YOUR GOAL: A word-for-word transcription of the data below is required.
* * * *
Lemma qform_diag n (d : 'rV[C]_n) v : qform (diag_mx d) v = \sum_i d 0 i * `|v i 0| ^+ 2.
Proof.
rewrite /qform mul_mx_diag mxE; apply: eq_bigr => i _.
by rewrite mxE adjmxE normCKC mulrCA mulrA mulrC.
Qed.

Lemma qform1 n (v : 'cV[C]_n) : qform 1%:M v = \sum_i `|v i 0| ^+ 2.
Proof. by rewrite /qform mulmx1 mxE; apply: eq_bigr => i _; rewrite adjmxE normCKC. Qed.

Lemma qform_unitary_conj n (Q D : 'M[C]_n) v :
  qform (Q *m D *m adjmx Q) v = qform D (adjmx Q *m v).
Proof. by rewrite /qform adjmxM adjmxK !mulmxA. Qed.

Lemma qform_eigen n (A : 'M[C]_n) u a : normalized u -> A *m u = a *: u -> qform A u = a.
Proof.
by rewrite /normalized /qform mulmx1 => uu e; rewrite -mulmxA e -scalemxAr mxE uu mulr1.
Qed.

Lemma qform_col n (A W : 'M[C]_n) k : qform A (col k W) = (adjmx W *m A *m W) k k.
Proof.
rewrite /qform !mxE; apply: eq_bigr => j _; rewrite !mxE; congr (_ * _).
by apply: eq_bigr => i _; rewrite !mxE.
Qed.

Lemma normalized_col n (W : 'M[C]_n) k : adjmx W *m W = 1%:M -> normalized (col k W).
Proof. by move=> e; rewrite /normalized qform_col mulmx1 e mxE eqxx. Qed.

Lemma tensmx_colE m n (u : 'cV[C]_m) (v : 'cV[C]_n) i j (k : 'I_1) :
  (u *t v : 'cV_(m * n)) (mxtens_index (i, j)) k = u i 0 * v j 0.
Proof. by rewrite mxE mxtens_indexK /=; congr (u _ _ * v _ _); apply: ord1. Qed.

Lemma qform_tens m n (A : 'M[C]_m) (B : 'M[C]_n) (u : 'cV[C]_m) (v : 'cV[C]_n) :
  qform (A *t B) (u *t v) = qform A u * qform B v.
Proof.
rewrite !qformE big_mxtens_index mulr_suml; apply: eq_bigr => i _.
under eq_bigr do rewrite big_mxtens_index.
rewrite exchange_big mulr_suml; apply: eq_bigr => k _.
rewrite mulr_sumr; apply: eq_bigr => j _; rewrite mulr_sumr; apply: eq_bigr => l _.
by rewrite !tensmx_colE tensmxE rmorphM /=; ring.
Qed.

Lemma normalized_tens m n (u : 'cV[C]_m) (v : 'cV[C]_n) :
  normalized u -> normalized v -> normalized (u *t v).
Proof. by rewrite /normalized -tensmx11 qform_tens => -> ->; rewrite mulr1. Qed.

Lemma qform_spectrum_bounds n (A : 'M[C]_n.+1) v : hermitian A -> normalized v ->
  (spectrum A)`_0 <= qform A v <= (spectrum A)`_n.
Proof.
move=> hA uv; have [Q [d [Q1 Q2 eA pe [sz _ so _]]]] := hermitian_spectrum hA.
set y := adjmx Q *m v.
have ny : \sum_i `|y i 0| ^+ 2 = 1.
  by rewrite -qform1 -(qform_unitary_conj Q) mulmx1 Q2.
have -> : qform A v = \sum_i d 0 i * `|y i 0| ^+ 2 by rewrite eA qform_unitary_conj qform_diag.
have dA i : exists2 k, (k < size (spectrum A))%N & (spectrum A)`_k = d 0 i.
  by apply/(nthP 0); rewrite (perm_mem pe); apply: map_f; rewrite mem_enum.
have bd i : (spectrum A)`_0 <= d 0 i <= (spectrum A)`_n.
  have [k kn <-] := dA i; rewrite sz ltnS in kn.
  by rewrite !spectrum_nth_le //= !ltnS kn ?leqnn.
apply/andP; split.
  rewrite -[X in X <= _]mulr1 -ny mulr_sumr; apply: ler_sum => i _.
  by apply: ler_wpM2r; [rewrite exprn_ge0 | case/andP: (bd i)].
rewrite -[X in _ <= X]mulr1 -ny mulr_sumr; apply: ler_sum => i _.
by apply: ler_wpM2r; [rewrite exprn_ge0 | case/andP: (bd i)].
Qed.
* * * *
OUTPUT BELOW:
Lemma qform_diag n (d : 'rV[C]_n) v : qform (diag_mx d) v = \sum_i d 0 i * `|v i 0| ^+ 2.
Proof.
rewrite /qform mul_mx_diag mxE; apply: eq_bigr => i _.
by rewrite mxE adjmxE normCKC mulrCA mulrA mulrC.
Qed.

Lemma qform1 n (v : 'cV[C]_n) : qform 1%:M v = \sum_i `|v i 0| ^+ 2.
Proof. by rewrite /qform mulmx1 mxE; apply: eq_bigr => i _; rewrite adjmxE normCKC. Qed.

Lemma qform_unitary_conj n (Q D : 'M[C]_n) v :
  qform (Q *m D *m adjmx Q) v = qform D (adjmx Q *m v).
Proof. by rewrite /qform adjmxM adjmxK !mulmxA. Qed.

Lemma qform_eigen n (A : 'M[C]_n) u a : normalized u -> A *m u = a *: u -> qform A u = a.
Proof.
by rewrite /normalized /qform mulmx1 => uu e; rewrite -mulmxA e -scalemxAr mxE uu mulr1.
Qed.

Lemma qform_col n (A W : 'M[C]_n) k : qform A (col k W) = (adjmx W *m A *m W) k k.
Proof.
rewrite /qform !mxE; apply: eq_bigr => j _; rewrite !mxE; congr (_ * _).
by apply: eq_bigr => i _; rewrite !mxE.
Qed.

Lemma normalized_col n (W : 'M[C]_n) k : adjmx W *m W = 1%:M -> normalized (col k W).
Proof. by move=> e; rewrite /normalized qform_col mulmx1 e mxE eqxx. Qed.

Lemma tensmx_colE m n (u : 'cV[C]_m) (v : 'cV[C]_n) i j (k : 'I_1) :
  (u *t v : 'cV_(m * n)) (mxtens_index (i, j)) k = u i 0 * v j 0.
Proof. by rewrite mxE mxtens_indexK /=; congr (u _ _ * v _ _); apply: ord1. Qed.

Lemma qform_tens m n (A : 'M[C]_m) (B : 'M[C]_n) (u : 'cV[C]_m) (v : 'cV[C]_n) :
  qform (A *t B) (u *t v) = qform A u * qform B v.
Proof.
rewrite !qformE big_mxtens_index mulr_suml; apply: eq_bigr => i _.
under eq_bigr do rewrite big_mxtens_index.
rewrite exchange_big mulr_suml; apply: eq_bigr => k _.
rewrite mulr_sumr; apply: eq_bigr => j _; rewrite mulr_sumr; apply: eq_bigr => l _.
by rewrite !tensmx_colE tensmxE rmorphM /=; ring.
Qed.

Lemma normalized_tens m n (u : 'cV[C]_m) (v : 'cV[C]_n) :
  normalized u -> normalized v -> normalized (u *t v).
Proof. by rewrite /normalized -tensmx11 qform_tens => -> ->; rewrite mulr1. Qed.

Lemma qform_spectrum_bounds n (A : 'M[C]_n.+1) v : hermitian A -> normalized v ->
  (spectrum A)`_0 <= qform A v <= (spectrum A)`_n.
Proof.
move=> hA uv; have [Q [d [Q1 Q2 eA pe [sz _ so _]]]] := hermitian_spectrum hA.
set y := adjmx Q *m v.
have ny : \sum_i `|y i 0| ^+ 2 = 1.
  by rewrite -qform1 -(qform_unitary_conj Q) mulmx1 Q2.
have -> : qform A v = \sum_i d 0 i * `|y i 0| ^+ 2 by rewrite eA qform_unitary_conj qform_diag.
have dA i : exists2 k, (k < size (spectrum A))%N & (spectrum A)`_k = d 0 i.
  by apply/(nthP 0); rewrite (perm_mem pe); apply: map_f; rewrite mem_enum.
have bd i : (spectrum A)`_0 <= d 0 i <= (spectrum A)`_n.
  have [k kn <-] := dA i; rewrite sz ltnS in kn.
  by rewrite !spectrum_nth_le //= !ltnS kn ?leqnn.
apply/andP; split.
  rewrite -[X in X <= _]mulr1 -ny mulr_sumr; apply: ler_sum => i _.
  by apply: ler_wpM2r; [rewrite exprn_ge0 | case/andP: (bd i)].
rewrite -[X in _ <= X]mulr1 -ny mulr_sumr; apply: ler_sum => i _.
by apply: ler_wpM2r; [rewrite exprn_ge0 | case/andP: (bd i)].
Qed.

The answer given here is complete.